Also recommending using a DNS server that points `*.yourdomain` do your reverse proxy's IP. That way requests skip going outside your network and helps for ISPs that don't work with "loopback" DNS (quotes because I don't know the proper term)

You can then set your DNS in Tailscale to that machines tailnet IP and access your servers when away without having to open any ports.

And bonus, if it's pihole for dns you now get network-level Adblock both in and outside the home.


Personally I'm using haproxy for this purpose, with Lego to generate wildcard SSL certs using DNS validation on a public domain, then running coredns configured in the tailnet DNS resolvers to serve A records for internal names on a subdomain of the public one.

I've found this to work quite well, and the SSL whilst somewhat meaningless from a security pov since the traffic was already encrypted by wire guard, makes the web browser happy so still worthwhile.


This worked for me to get subdomains and TLS certificates working on a similar setup: https://blog.mni.li/posts/internal-tls-with-caddy/

Caddy is increasingly popular these days too.
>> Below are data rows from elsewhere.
Definition cover_rhs (eps : R) (j : cover_index) : R :=
  match j with
  | inl (inl U) => - (U \in Ut)%:R
  | inl (inr (inl a)) => 0
  | inl (inr (inr a)) => 1
  | inr _ => L + m - eps
  end.

Lemma sum_kronecker_in (a : X) (f : X -> R) :
  \sum_(i in P) (i == a)%:R * f i = (a \in P)%:R * f a.
Proof.
rewrite big_mkcond /= (bigD1 a) //= eqxx mul1r big1 ?addr0 => [|i /negbTE ->].
  by case: (a \in P); rewrite ?mul1r ?mul0r.
by rewrite mul0r if_same.
Qed.

Lemma cover_row_val eps j x :
  affine_val P cover_row (cover_rhs eps) j x =
  match j with
  | inl (inl U) => (U \in Ut)%:R * (\sum_(a in D U) x a - 1)
  | inl (inr (inl a)) => (a \in P)%:R * x a
  | inl (inr (inr a)) => 1 - (a \in P)%:R * x a
  | inr _ => L - eps - cover_obj x
  end.
Proof.
rewrite /affine_val; case: j => [[U|[a|a]]|_] /=.
- case: (U \in Ut); rewrite /= ?mul1r ?mul0r; last first.
    by rewrite big1 ?add0r ?oppr0 // => i _; rewrite mul0r.
  congr (_ - _); rewrite (big_setID (D U)) /= (setIidPr (D_sub U)).
  rewrite [X in _ + X]big1 ?addr0 => [|i]; last first.
    by rewrite in_setD => /andP[/negbTE ->]; rewrite mul0r.
  by apply: eq_bigr => i ->; rewrite mul1r.
- by rewrite addr0 sum_kronecker_in.
- by under eq_bigr do rewrite mulNr; rewrite sumrN sum_kronecker_in addrC.
- rewrite /cover_obj; under eq_bigr do rewrite mulNr; rewrite sumrN; lra.
Qed.

Definition lam_cut (lam : cover_index -> R) U := lam (inl (inl U)).
Definition lam_low (lam : cover_index -> R) a := lam (inl (inr (inl a))).
Definition lam_up (lam : cover_index -> R) a := lam (inl (inr (inr a))).
Definition lam_obj (lam : cover_index -> R) := lam (inr tt).

Lemma sum_cover_index (F : cover_index -> R) :
  \sum_j F j = \sum_U F (inl (inl U)) + \sum_a F (inl (inr (inl a)))
    + \sum_a F (inl (inr (inr a))) + F (inr tt).
Proof. by rewrite !big_sumType /= (big_pred1 tt) ?addrA // => -[]. Qed.

Lemma cover_column (lam : cover_index -> R) a :
  \sum_j lam j * cover_row j a = \sum_(U in Ut | a \in D U) lam_cut lam U
    + lam_low lam a - lam_up lam a - lam_obj lam * c a.
Proof.
rewrite sum_cover_index /= mulrN; congr (_ + _ + _ - _).
- rewrite [RHS]big_mkcond /=; apply: eq_bigr => U _.
  by case: (U \in Ut) (a \in D U) => -[]; rewrite ?mulr1 ?mulr0.
- rewrite (bigD1 a) //= eqxx mulr1 big1 ?addr0 // => i /negbTE.
  by rewrite eq_sym => ->; rewrite mulr0.
- rewrite (bigD1 a) //= eqxx mulr1n mulrN1 big1 ?addr0 // => i /negbTE.
  by rewrite eq_sym => ->; rewrite mulr0n oppr0 mulr0.
Qed.

Lemma cover_constant (lam : cover_index -> R) eps :
  \sum_j lam j * cover_rhs eps j = - \sum_(U in Ut) lam_cut lam U
    + \sum_a lam_up lam a + lam_obj lam * (L + m - eps).
Proof.
rewrite sum_cover_index /= [X in _ + X + _ + _]big1 ?addr0 => [|a _]; last by rewrite mulr0.
congr (_ + _ + _); last by under eq_bigr do rewrite mulr1.
rewrite -sumrN [RHS]big_mkcond /=; apply: eq_bigr => U _.
by case: (U \in Ut); rewrite /= ?mulr1n ?mulr0n ?mulrN1 ?oppr0 ?mulr0.
Qed.

Lemma cover_rows_feasible eps x j : cover_feasible x -> j != inr tt ->
  0 <= affine_val P cover_row (cover_rhs eps) j x.
Proof.
move=> [x_cut x_box]; rewrite cover_row_val; case: j => [[U|[a|a]]|[]] //= _.
- by case: (boolP (U \in Ut)) => UUt; rewrite ?mul0r // mul1r subr_ge0 x_cut.
- by case: (boolP (a \in P)) => aP; rewrite ?mul0r // mul1r; case/andP: (x_box a aP).
- case: (boolP (a \in P)) => aP; rewrite ?mul0r ?subr0 // mul1r subr_ge0.
  by case/andP: (x_box a aP).
Qed.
I use both and cannot decide which I prefer.

Caddy's configuration is so simple and straightforward, I love it. For sure a more comfortable experience for simple setups

I like Caddy's integration with Cloudflare for handling SSL and when I originally saw the idea it was promoted as an easy way to have SSL for a homely but I don't use real domains for my internal apps and that is required with Cloudflare.

caddy has tailscale integration i think too, so your foo.bar.ts.net “just works”

The pain I've had with it is distributed configuration, i.e. multiple projects that want to config rules. I've been using the JSON API rather than their DSL.

Do you know how I might approach this better?


I think most homelabbers default to Caddy and/or Traefik these days. Nginx is still around with projects like NPM (the other NPM), but Caddy and Traefik are far more capable.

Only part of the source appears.